## [Exercise objective]
In the entries below, the word "forall" appears on some lines. Copy each of those lines.

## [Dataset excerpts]
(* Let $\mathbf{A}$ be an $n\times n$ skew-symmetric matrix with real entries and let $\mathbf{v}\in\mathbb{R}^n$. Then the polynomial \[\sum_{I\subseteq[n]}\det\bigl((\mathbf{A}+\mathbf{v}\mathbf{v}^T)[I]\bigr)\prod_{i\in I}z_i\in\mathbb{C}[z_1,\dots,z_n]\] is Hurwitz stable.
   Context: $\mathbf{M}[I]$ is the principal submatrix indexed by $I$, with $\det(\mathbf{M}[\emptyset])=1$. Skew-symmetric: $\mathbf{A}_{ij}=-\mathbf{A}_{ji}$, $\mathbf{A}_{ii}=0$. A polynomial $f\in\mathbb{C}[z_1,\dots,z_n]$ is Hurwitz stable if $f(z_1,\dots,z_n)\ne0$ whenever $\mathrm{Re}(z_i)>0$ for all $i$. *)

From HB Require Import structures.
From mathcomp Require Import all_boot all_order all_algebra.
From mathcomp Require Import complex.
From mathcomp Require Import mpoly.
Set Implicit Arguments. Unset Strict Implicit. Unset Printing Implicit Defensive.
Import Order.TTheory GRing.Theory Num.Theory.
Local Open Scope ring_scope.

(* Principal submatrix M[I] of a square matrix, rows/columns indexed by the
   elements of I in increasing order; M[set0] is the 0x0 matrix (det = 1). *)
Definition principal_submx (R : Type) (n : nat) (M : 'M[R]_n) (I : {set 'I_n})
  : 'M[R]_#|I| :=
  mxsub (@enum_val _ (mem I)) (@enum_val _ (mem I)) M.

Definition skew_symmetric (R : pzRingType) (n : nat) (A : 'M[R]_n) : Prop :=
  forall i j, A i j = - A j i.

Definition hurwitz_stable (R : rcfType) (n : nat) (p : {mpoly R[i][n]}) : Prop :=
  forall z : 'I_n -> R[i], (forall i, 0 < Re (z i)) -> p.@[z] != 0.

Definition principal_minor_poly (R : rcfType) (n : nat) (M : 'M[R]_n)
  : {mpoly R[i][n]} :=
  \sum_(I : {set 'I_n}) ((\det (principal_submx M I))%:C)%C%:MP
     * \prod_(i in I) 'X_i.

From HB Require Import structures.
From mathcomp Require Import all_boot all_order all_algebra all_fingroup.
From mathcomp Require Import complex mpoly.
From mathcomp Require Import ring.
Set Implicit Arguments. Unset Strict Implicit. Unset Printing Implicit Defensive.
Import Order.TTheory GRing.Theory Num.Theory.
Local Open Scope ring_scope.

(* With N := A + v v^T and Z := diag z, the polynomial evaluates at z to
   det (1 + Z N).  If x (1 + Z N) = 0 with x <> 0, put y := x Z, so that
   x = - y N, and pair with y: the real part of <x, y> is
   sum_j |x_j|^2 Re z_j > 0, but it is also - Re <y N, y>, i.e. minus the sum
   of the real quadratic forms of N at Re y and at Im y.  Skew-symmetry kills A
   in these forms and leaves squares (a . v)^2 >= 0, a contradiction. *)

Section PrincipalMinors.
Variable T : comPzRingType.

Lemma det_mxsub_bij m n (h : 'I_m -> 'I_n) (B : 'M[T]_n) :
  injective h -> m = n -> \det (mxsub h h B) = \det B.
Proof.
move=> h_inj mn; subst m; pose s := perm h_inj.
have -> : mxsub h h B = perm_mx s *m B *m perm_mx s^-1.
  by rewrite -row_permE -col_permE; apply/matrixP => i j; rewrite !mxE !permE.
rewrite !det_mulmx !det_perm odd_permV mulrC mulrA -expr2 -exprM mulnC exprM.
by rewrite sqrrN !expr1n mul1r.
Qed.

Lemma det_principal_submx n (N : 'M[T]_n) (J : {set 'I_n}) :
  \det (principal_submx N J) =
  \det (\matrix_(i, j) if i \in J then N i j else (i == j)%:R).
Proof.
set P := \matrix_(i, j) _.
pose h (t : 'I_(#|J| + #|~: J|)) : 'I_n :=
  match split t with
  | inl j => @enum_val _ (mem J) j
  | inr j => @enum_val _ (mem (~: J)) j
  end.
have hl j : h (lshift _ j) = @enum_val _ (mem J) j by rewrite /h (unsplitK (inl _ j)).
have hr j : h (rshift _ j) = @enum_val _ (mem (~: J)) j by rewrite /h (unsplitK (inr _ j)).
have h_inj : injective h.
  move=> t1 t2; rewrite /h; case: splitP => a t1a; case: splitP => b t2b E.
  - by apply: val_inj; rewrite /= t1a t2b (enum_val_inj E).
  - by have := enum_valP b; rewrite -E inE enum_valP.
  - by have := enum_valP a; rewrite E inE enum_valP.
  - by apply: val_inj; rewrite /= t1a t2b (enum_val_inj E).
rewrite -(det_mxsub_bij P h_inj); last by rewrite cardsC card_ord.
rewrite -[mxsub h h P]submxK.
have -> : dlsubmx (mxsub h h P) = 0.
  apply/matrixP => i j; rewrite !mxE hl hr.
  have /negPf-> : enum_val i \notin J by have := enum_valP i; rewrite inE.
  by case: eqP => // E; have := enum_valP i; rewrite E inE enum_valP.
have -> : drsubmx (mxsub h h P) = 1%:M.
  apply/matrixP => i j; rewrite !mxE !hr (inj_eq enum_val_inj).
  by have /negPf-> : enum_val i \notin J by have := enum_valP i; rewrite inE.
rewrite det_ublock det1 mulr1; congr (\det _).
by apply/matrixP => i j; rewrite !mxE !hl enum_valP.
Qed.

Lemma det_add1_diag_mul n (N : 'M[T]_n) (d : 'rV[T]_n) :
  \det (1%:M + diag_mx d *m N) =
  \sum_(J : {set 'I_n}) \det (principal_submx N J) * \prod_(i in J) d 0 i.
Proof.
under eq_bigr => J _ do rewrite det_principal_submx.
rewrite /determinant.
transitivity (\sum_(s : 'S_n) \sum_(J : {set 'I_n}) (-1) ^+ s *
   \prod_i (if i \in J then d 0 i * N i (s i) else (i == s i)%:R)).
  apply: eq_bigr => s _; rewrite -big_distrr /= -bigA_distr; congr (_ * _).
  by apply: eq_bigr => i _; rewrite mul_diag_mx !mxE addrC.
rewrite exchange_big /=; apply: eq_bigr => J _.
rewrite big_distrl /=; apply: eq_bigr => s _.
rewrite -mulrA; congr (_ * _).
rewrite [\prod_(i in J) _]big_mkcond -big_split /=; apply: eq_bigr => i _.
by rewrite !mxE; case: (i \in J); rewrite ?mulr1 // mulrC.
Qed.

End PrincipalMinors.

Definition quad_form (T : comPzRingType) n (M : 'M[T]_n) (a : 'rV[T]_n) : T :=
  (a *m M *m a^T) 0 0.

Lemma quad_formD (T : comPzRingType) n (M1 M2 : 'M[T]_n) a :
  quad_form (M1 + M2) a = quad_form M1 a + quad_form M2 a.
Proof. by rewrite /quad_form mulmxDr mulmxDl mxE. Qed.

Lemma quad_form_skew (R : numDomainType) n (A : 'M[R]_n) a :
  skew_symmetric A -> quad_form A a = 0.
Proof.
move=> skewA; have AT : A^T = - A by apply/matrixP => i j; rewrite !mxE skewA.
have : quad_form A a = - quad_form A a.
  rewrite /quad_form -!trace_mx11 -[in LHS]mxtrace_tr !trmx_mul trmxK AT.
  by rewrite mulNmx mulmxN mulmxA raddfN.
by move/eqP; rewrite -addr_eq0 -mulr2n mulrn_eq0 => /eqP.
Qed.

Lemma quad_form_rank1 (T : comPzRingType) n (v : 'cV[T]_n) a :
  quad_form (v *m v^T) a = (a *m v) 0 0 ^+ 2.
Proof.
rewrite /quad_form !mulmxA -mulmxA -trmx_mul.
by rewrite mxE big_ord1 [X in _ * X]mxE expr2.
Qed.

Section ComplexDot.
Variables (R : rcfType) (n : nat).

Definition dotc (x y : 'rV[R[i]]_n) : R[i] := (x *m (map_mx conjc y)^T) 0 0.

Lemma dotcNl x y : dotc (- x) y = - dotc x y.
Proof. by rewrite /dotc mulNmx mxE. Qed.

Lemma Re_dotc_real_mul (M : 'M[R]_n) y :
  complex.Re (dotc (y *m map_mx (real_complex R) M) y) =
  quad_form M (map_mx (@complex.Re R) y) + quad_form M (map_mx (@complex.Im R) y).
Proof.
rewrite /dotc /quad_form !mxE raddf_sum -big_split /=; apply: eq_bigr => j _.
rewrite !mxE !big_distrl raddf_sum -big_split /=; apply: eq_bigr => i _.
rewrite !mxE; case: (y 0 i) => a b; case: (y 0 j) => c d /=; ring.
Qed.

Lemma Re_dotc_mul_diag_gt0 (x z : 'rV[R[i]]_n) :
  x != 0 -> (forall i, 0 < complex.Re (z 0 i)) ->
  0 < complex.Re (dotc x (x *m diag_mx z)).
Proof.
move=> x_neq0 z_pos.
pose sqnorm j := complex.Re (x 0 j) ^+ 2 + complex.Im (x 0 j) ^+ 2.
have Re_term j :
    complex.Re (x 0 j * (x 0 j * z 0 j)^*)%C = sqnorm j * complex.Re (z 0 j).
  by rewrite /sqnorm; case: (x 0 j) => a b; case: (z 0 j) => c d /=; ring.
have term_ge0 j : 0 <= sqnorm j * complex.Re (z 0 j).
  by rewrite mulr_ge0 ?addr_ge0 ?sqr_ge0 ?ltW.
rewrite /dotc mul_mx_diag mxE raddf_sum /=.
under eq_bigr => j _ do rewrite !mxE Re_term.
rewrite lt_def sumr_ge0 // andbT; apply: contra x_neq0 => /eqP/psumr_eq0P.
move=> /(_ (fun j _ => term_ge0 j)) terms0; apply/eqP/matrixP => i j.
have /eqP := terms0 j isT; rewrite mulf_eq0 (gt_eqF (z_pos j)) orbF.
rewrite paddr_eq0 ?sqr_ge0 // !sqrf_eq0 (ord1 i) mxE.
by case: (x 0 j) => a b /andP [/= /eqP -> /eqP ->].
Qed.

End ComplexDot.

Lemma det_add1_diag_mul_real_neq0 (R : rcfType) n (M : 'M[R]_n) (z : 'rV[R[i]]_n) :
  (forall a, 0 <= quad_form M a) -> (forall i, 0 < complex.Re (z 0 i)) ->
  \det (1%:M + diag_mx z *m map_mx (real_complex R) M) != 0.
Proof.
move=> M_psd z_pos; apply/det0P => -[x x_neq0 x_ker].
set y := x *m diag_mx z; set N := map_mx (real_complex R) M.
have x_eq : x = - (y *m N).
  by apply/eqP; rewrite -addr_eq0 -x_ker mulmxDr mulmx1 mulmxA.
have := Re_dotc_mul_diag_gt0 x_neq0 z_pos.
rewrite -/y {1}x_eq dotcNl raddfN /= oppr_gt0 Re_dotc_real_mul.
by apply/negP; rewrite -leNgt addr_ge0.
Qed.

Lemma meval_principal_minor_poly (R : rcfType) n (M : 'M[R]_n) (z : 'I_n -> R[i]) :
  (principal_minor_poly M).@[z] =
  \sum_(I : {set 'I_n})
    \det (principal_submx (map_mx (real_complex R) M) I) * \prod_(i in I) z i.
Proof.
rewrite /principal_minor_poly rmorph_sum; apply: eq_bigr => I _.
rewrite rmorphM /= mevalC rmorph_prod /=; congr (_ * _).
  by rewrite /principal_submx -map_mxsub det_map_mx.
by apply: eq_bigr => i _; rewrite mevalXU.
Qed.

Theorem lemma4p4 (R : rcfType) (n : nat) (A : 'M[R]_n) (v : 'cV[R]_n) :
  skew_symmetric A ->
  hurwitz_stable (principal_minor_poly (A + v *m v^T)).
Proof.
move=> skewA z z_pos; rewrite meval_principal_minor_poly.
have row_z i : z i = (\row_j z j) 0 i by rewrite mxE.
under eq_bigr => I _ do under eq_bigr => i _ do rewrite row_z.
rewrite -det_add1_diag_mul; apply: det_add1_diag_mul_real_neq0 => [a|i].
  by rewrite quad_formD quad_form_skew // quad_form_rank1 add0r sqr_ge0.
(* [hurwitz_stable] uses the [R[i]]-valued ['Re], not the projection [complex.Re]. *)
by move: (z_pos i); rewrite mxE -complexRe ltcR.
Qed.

## [Exercise output]
  forall i j, A i j = - A j i.
  forall z : 'I_n -> R[i], (forall i, 0 < Re (z i)) -> p.@[z] != 0.
  x != 0 -> (forall i, 0 < complex.Re (z 0 i)) ->
  (forall a, 0 <= quad_form M a) -> (forall i, 0 < complex.Re (z 0 i)) ->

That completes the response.